Xie Yang, Pan Wei, Khodursky Arkady B
Division of Biostatistics, School of Public Health, University of Minnesota Minneapolis, MN 55455, USA.
Bioinformatics. 2005 Dec 1;21(23):4280-8. doi: 10.1093/bioinformatics/bti685. Epub 2005 Sep 27.

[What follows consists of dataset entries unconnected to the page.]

Lemma represent_hom_iso :
  subfun_iso (natural_hom (free_cofunctor K J) G) (natural_hom P M) represent_hom.
Proof.
case: hR => phi_nat phi_lin phi_inj phi_surj phi_restr; split; first split.
- by move=> b g _; apply: phi_nat.
- by move=> b k g h _ _; apply: rhomP; rewrite /represent_hom yoneda_lin; apply: phi_lin.
- move=> b a g ba ng; apply: rhomP; rewrite /represent_hom /= yoneda_restr //.
  exact: phi_restr.
- move=> b g ng g0; have {}g0 := phi_inj b _ (fun x => congr1 (fun f => f x) g0).
  apply: yoneda_inj => //.
    exact: (subspace0 (natural_subspace _ _)).
  by rewrite g0; apply/rowP => j; rewrite !mxE.
- move=> b f nf; have [v /rhomP phiv] := phi_surj b f nf.
  by exists (yoneda_inv v); [apply: natural_yoneda_inv | rewrite /represent_hom yoneda_invK].
Qed.

End RepresentsR.

Theorem proposition5p13 (K : fieldType)
  (dI : Order.disp_t) (I : finPOrderType dI)
  (dJ : Order.disp_t) (J : finPOrderType dJ)
  (P : cofunctor K I J) (M : rep K I) :
  (thin P ->
    forall a : J, nonzero (pobj P a) ->
    forall (C : nat -> rep K I) (mult : nat -> J -> nat)
           (dd : forall n, rhom (C n.+1) (C n)) (eps : rhom (C 0%N) M),
      is_min_res (pobj P) M C mult dd eps ->
    forall (G : rep K J) (phi : forall b : J, 'rV[K]_(rdim G b) -> rhom (pobj P b) M),
      represents_R P M G phi ->
    forall (C' : nat -> rep K J) (mult' : nat -> J -> nat)
           (dd' : forall n, rhom (C' n.+1) (C' n)) (eps' : rhom (C' 0%N) G),
      is_min_res (@free_rep K _ J) G C' mult' dd' eps' ->
      mult 0%N a = mult' 0%N a)
  /\
  (flat P ->
    forall (d : nat) (a : J), nonzero (pobj P a) ->
    forall (C : nat -> rep K I) (mult : nat -> J -> nat)
           (dd : forall n, rhom (C n.+1) (C n)) (eps : rhom (C 0%N) M),
      is_min_res (pobj P) M C mult dd eps ->
    forall (G : rep K J) (phi : forall b : J, 'rV[K]_(rdim G b) -> rhom (pobj P b) M),
      represents_R P M G phi ->
    forall (C' : nat -> rep K J) (mult' : nat -> J -> nat)
           (dd' : forall n, rhom (C' n.+1) (C' n)) (eps' : rhom (C' 0%N) G),
      is_min_res (@free_rep K _ J) G C' mult' dd' eps' ->
      mult d a = mult' d a).
Proof.
have free_flat := @free_cofunctor_flat K _ J; have free_thin := flat_thin free_flat.
split=> [thinP a nza C mult dd eps hr G phi hR C' mult' dd' eps' hr'|].
  apply/esym/(min_res_mult_eq (P1 := free_cofunctor K J) (d := 0%N) hr' hr free_thin thinP
    (represent_hom_iso hR)) => //.
  exact: free_nonzero.
move=> flatP d a nza C mult dd eps hr G phi hR C' mult' dd' eps' hr'.
have [th isoth] := min_res_syzygy_iso (P1 := free_cofunctor K J) hr' hr free_flat flatP
  (ex_intro _ _ (represent_hom_iso hR)) d.
apply/esym/(min_res_mult_eq (P1 := free_cofunctor K J) hr' hr _ (flat_thin flatP) isoth) => //.
exact: free_nonzero.
Qed.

False discovery rate (FDR) is defined as the expected percentage of false positives among all the claimed positives. In practice, with the true FDR unknown, an estimated FDR can serve as a criterion to evaluate the performance of various statistical methods under the condition that the estimated FDR approximates the true FDR well, or at least, it does not improperly favor or disfavor any particular method. Permutation methods have become popular to estimate FDR in genomic studies. The purpose of this paper is 2-fold. First, we investigate theoretically and empirically whether the standard permutation-based FDR estimator is biased, and if so, whether the bias inappropriately favors or disfavors any method. Second, we propose a simple modification of the standard permutation to yield a better FDR estimator, which can in turn serve as a more fair criterion to evaluate various statistical methods.
Both simulated and real data examples are used for illustration and comparison. Three commonly used test statistics, the sample mean, SAM statistic and Student's t-statistic, are considered. The results show that the standard permutation method overestimates FDR. The overestimation is the most severe for the sample mean statistic while the least for the t-statistic with the SAM-statistic lying between the two extremes, suggesting that one has to be cautious when using the standard permutation-based FDR estimates to evaluate various statistical methods. In addition, our proposed FDR estimation method is simple and outperforms the standard method.
错误发现率(FDR)被定义为所有宣称的阳性结果中假阳性结果的预期百分比。在实际应用中,由于真实的FDR未知,在估计的FDR能较好地近似真实FDR的条件下,或者至少它不会不适当地偏袒或不利于任何特定方法时,估计的FDR可作为评估各种统计方法性能的一个标准。排列方法在基因组研究中已广泛用于估计FDR。本文的目的有两个。首先,我们从理论和实证两方面研究基于标准排列的FDR估计器是否存在偏差,如果存在偏差,该偏差是否不适当地偏袒或不利于任何方法。其次,我们对标准排列提出一种简单的修正,以得到一个更好的FDR估计器,进而可作为一个更公平的标准来评估各种统计方法。
使用模拟数据和实际数据示例进行说明和比较。考虑了三种常用的检验统计量:样本均值、SAM统计量和学生t统计量。结果表明,标准排列方法高估了FDR。对于样本均值统计量,高估最为严重,而对于t统计量则最小,SAM统计量介于两者之间,这表明在使用基于标准排列的FDR估计来评估各种统计方法时必须谨慎。此外,我们提出的FDR估计方法简单且优于标准方法。